Kto ma krew na rękach? Sami swoich rozbrajacie…

Image

„Sami swoich rozbrajacie, polską krew na rękach macie”. Taki oto baner zawisł na stalowowolskim wiadukcie 12 czerwca 2024 roku. Ten mocny tekst, trafia do serc i umysłów.

Zginął nasz żołnierz, nasz człowiek, Polak, strzeżący wschodniej granicy, 21- letni sierżant Mateusz Sitek. Pochowany został w miejscowości Nowy Lubiel.

- Nóż, który ugodził śp. sierżanta Mateusza Sitka, ugodził całe Wojsko Polskie- mówił podczas poruszającego kazania ksiądz z parafii pw. Świętej Anny.

I nie miał racji, bo ten nóż ugodził także każdego Polaka. Nasi żołnierze bronią granicy gazem i tarczą, bo „nam strzelać nie kazano”. Polacy walczą więc słowem i takimi jak ten banerami…

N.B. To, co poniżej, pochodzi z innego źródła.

Definition orbit_value n (v : vec n) (C : {set 'I_n}) : 'Z_2 :=
  if [pick x in C] is Some x then v x else 0.

Lemma orbit_value_porbit n (s : 'S_n) (v : vec n) x :
  pact s v = v -> orbit_value v (porbit s x) = v x.
Proof.
move=> sv; have vs z : v (s z) = v z by rewrite -{1}sv ffunE permK.
have v_porbit y : y \in porbit s x -> v y = v x.
  by case/porbitP=> i ->; elim: i => [|i IH]; rewrite ?expg0 ?perm1 // expgSr permM vs.
by rewrite /orbit_value; case: pickP => [y /v_porbit // | /(_ x)]; rewrite porbit_id.
Qed.

Lemma sum_porbits_orbit_value n (s : 'S_n) (v : vec n) :
  pact s v = v -> \sum_(C in porbits s) vscale (orbit_value v C) (indic C) = v.
Proof.
by move=> sv; apply/ffunP => k; rewrite sum_porbits_vscaleE orbit_value_porbit.
Qed.

Lemma eq_inversions_indic n (S : {set 'I_n}) (p q : 'S_n) :
  {in S, p =1 q} -> inversions p (indic S) = inversions q (indic S).
Proof.
move=> pq; apply: eq_bigr => i _; apply: eq_bigr => j _; rewrite !ffunE.
case: (boolP (i \in S)) => iS; last by rewrite mulr0n mul0r !mulr0.
case: (boolP (j \in S)) => jS; last by rewrite mulr0n !mulr0.
by rewrite (pq i iS) (pq j jS).
Qed.

Lemma inversions_porbits n (s : 'S_n) (l : {set 'I_n} -> 'Z_2) :
  inversions s (\sum_(C in porbits s) vscale (l C) (indic C)) =
  \sum_(C in porbits s) l C * (#|C| - 1)%:R.
Proof.
set S := [set x | l (porbit s x) != 0].
have -> : \sum_(C in porbits s) vscale (l C) (indic C) = indic S.
  apply/ffunP => k; rewrite sum_porbits_vscaleE !ffunE inE.
  by case: (Z2_eq01 (l (porbit s k))) => ->.
have sS : s \in 'N(S | 'P)%g.
  by apply/astabsP => x; rewrite !inE /aperm -(porbit_perm s 1 x) expg1.
rewrite -(eq_inversions_indic (fun x => restr_permE sS)) inversions_perm_on ?restr_perm_on //.
rewrite odd_perm_porbits sum_porbits_restr_perm // -natr_Z2 natr_sum.
rewrite [RHS](bigID (fun C : {set 'I_n} => C \subset S)) /=.
rewrite [X in _ = _ + X]big1 ?addr0 => [|_ /andP[/imsetP[x _ ->]]]; last first.
  by rewrite porbit_subset // inE negbK => /eqP ->; rewrite mul0r.
apply: eq_bigr => _ /andP[/imsetP[x _ ->]].
by rewrite porbit_subset // inE subn1; case: (Z2_eq01 (l (porbit s x))) => -> //; rewrite mul1r.
Qed.

Lemma pactM n (p q : 'S_n) (v : vec n) : pact (p * q) v = pact q (pact p v).
Proof. by apply/ffunP => k; rewrite !ffunE invMg permM. Qed.

Lemma inversions_pact_commute n (s u : 'S_n) (v : vec n) :
  commute u s -> pact s v = v -> inversions s (pact u v) = inversions s v.
Proof.
move=> us sv; have := inversionsM u s v.
by rewrite us inversionsM sv addrC => /addrI.
Qed.

Lemma bmul_bperm_bvec n (p : 'S_n) (w : vec n) : bmul (bperm p) (bvec w) = (pact p w, p).
Proof. by rewrite /bmul /= add0r mul1g. Qed.

Lemma bmul_bperm_commute n (s u : 'S_n) (a : vec n) :
  bmul (bperm s) (a, u) = bmul (a, u) (bperm s) -> pact s a = a /\ commute u s.
Proof. by rewrite /bmul /= add0r pact0 addr0 => -[-> us]. Qed.

Theorem corollary2p4 (n : nat) (Hn1 : (0 < n)%N) (s : 'S_n) (t : Bn n) :
  bmul (bperm s) t = bmul t (bperm s) ->
  exists (t' : 'S_n) (lam : {set 'I_n} -> 'Z_2),
    [/\ t' \in 'C[s]%g,
        t = bmul (bperm t') (bvec (\sum_(C in porbits s) vscale (lam C) (indic C))),
        (forall (t2 : 'S_n) (lam2 : {set 'I_n} -> 'Z_2),
            t2 \in 'C[s]%g ->
            t = bmul (bperm t2) (bvec (\sum_(C in porbits s) vscale (lam2 C) (indic C))) ->
            t2 = t' /\ {in porbits s, lam2 =1 lam}) &
        phi (bperm s) t = geps n (\sum_(C in porbits s) lam C * (#|C| - 1)%:R)].
Proof.
case: t => a u /bmul_bperm_commute[sa us].
set v := pact u^-1 a.
have sv : pact s v = v.
  by rewrite -pactM (commute_sym (commuteV (commute_sym us))) pactM sa.
have av : a = pact u v by rewrite pactK.
exists u, (orbit_value v); split.
- exact/cent1P.
- by rewrite sum_porbits_orbit_value // bmul_bperm_bvec -av.
- move=> t2 l2 _; rewrite bmul_bperm_bvec => -[a_eq ut2]; subst t2.
  split=> // _ /imsetP[x _ ->].
  by rewrite orbit_value_porbit // -sum_porbits_vscaleE /v a_eq pactKV.
- by rewrite phi_bperm // av inversions_pact_commute // -{1}(sum_porbits_orbit_value sv)
    inversions_porbits.
Qed.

Mateusz Sitek został ugodzony nożem w pierś 28 maja br. w okolicach Dubicz Cerkiewnych. Imigrant, wraz z grupą innych awanturujących się osób, próbował sforsować barierę na granicy z Białorusią. Napastnik atakował polskich żołnierzy nożem zamocowanym na długim kiju, który wsunął przez płot. Ciężko ranny żołnierz, był obrzucany wraz z innymi broniącymi granicy, kamieniami i gałęziami. Pomocy udzielono mu najpierw w szpitalu w Hajnówce, a później leczono go w Wojskowym Instytucie Medycznym w Warszawie. Mimo wysiłku lekarzy zmarł 6 czerwca. Został pośmiertnie awansowany na stopień sierżanta Wojska Polskiego oraz odznaczony "Złotym Medalem za Zasługi dla Obronności Kraju".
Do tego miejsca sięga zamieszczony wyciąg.